I arise this technical question when I read Wallach's book Real Reductive Groups, I think the answer is yes, but I am not sure. Can anyone help me prove it or give me a counterexample if I am wrong? Thank you!
The answer is Yes. By Wedderburn-Malcev [http://www.math.uni-bielefeld.de/~sek/select/RF6.pdf] $S=A\oplus J(S)$ as ${\mathbb C}$-vector spaces, where $A$ is a unital semi-simple ${\mathbb C}$-algebra and $J(S)$ is the Jacobson radical of $S$ (the maximal nilpotent $2$-sided ideal of $S$).
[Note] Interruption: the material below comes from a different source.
(* Let $\mathcal{A}$ be a fuzzy automaton and $\Phi=(\varphi_n)_{n\in\mathbb{N}}$ the greatest depth-bounded fuzzy simulation between $\mathcal{A}$ and itself. If $\mathcal{L}$ satisfies the join-meet distributivity law, $\otimes$ is continuous and $\mathcal{A}$ is image-finite, then (a) $\bigwedge_n\varphi_n$ is the greatest fuzzy simulation between $\mathcal{A}$ and itself; (b) each $\varphi_n$ is a fuzzy preorder on $A$; (c) $\|\Phi\|_{\mathcal{A},\mathcal{A}}=1$.
   Context: $\mathcal{L}=\langle L,\le,\otimes,\Rightarrow,0,1\rangle$ is a complete residuated lattice: $\langle L,\le,0,1\rangle$ is a complete lattice with least element $0$ and greatest element $1$, $\langle L,\otimes,1\rangle$ is a commutative monoid, and $x\otimes y\le z$ iff $x\le (y\Rightarrow z)$. Join-meet distributivity law: $a\vee\bigwedge B=\bigwedge_{b\in B}(a\vee b)$. $\otimes$ continuous: $x\otimes\bigwedge Y=\bigwedge_{y\in Y}(x\otimes y)$. Fuzzy relations are maps into $L$ ordered pointwise; $\varphi^{-1}(b,a)=\varphi(a,b)$; $(\varphi\circ\psi)(a,c)=\bigvee_b\varphi(a,b)\otimes\psi(b,c)$, $(f\circ\varphi)(b)=\bigvee_a f(a)\otimes\varphi(a,b)$, $(\varphi\circ g)(a)=\bigvee_b\varphi(a,b)\otimes g(b)$; $S(g,f)=\bigwedge_a(g(a)\Rightarrow f(a))$. A fuzzy relation $\varphi$ on $A$ is a fuzzy preorder if $\varphi(a,a)=1$ for all $a$ and $\varphi\circ\varphi\le\varphi$. A fuzzy automaton over $\Sigma$ is $\mathcal{A}=\langle A,\delta^{\mathcal{A}},\sigma^{\mathcal{A}},\tau^{\mathcal{A}}\rangle$ with $A$ nonempty, $\delta^{\mathcal{A}}:A\times\Sigma\times A\to L$, $\sigma^{\mathcal{A}},\tau^{\mathcal{A}}:A\to L$; $\delta^{\mathcal{A}}_s(x,y)=\delta^{\mathcal{A}}(x,s,y)$. It is image-finite if each $\{y\mid\delta^{\mathcal{A}}_s(x,y)>0\}$ is finite and $\sigma^{\mathcal{A}}$ has finite support. $\|\varphi\|_{\mathcal{A},\mathcal{A}}=S(\sigma^{\mathcal{A}},\sigma^{\mathcal{A}}\circ\varphi^{-1})$. A fuzzy simulation between $\mathcal{A}$ and $\mathcal{A}'$ is $\varphi$ with $\varphi^{-1}\circ\tau^{\mathcal{A}}\le\tau^{\mathcal{A}'}$ and $\varphi^{-1}\circ\delta^{\mathcal{A}}_s\le\delta^{\mathcal{A}'}_s\circ\varphi^{-1}$ for all $s$. A depth-bounded fuzzy simulation between $\mathcal{A}$ and $\mathcal{A}'$ is a sequence $(\varphi_n)_{n\in\mathbb{N}}$ with $\varphi_n\le\varphi_{n-1}$ ($n\ge1$), $\varphi_0^{-1}\circ\tau^{\mathcal{A}}\le\tau^{\mathcal{A}'}$, $\varphi_n^{-1}\circ\delta^{\mathcal{A}}_s\le\delta^{\mathcal{A}'}_s\circ\varphi_{n-1}^{-1}$ ($s\in\Sigma,n\ge1$); its norm is $\bigwedge_n\|\varphi_n\|$. Sequences are ordered componentwise. *)

From Stdlib Require Import List.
We claim that $J(S)=0$. Suppose otherwise. Then there exists $j\in J(S)$ and $v\in{\mathbb C}^n$ such that $j(v)\ne0$. By hypothesis there exists $s\in S$ such that $sj(v)=v$. So $(sj)^n(v)=v$ for all $n\geq1$, whence $sj$ is not nilpotent. But this contradicts the fact that $sj\in J(S)$. This proves our claim.
Now $S=A$ is a semi-simple ${\mathbb C}$-algebra. So it is a direct product $\prod_{n_i} M_{n_i}({\mathbb C})$ of matrix algebras, as ${\mathbb C}$ is algebraically closed. With respect to a suitable choice of basis for ${\mathbb C}^n$, we can represent $S$ as block diagonal matrices, with blocks of size $n_1,n_2,\dots$ where $n_1+n_2+\dots=n$. The hypothesis now implies that $n_1=n$ and $S=M_n({\mathbb C})$.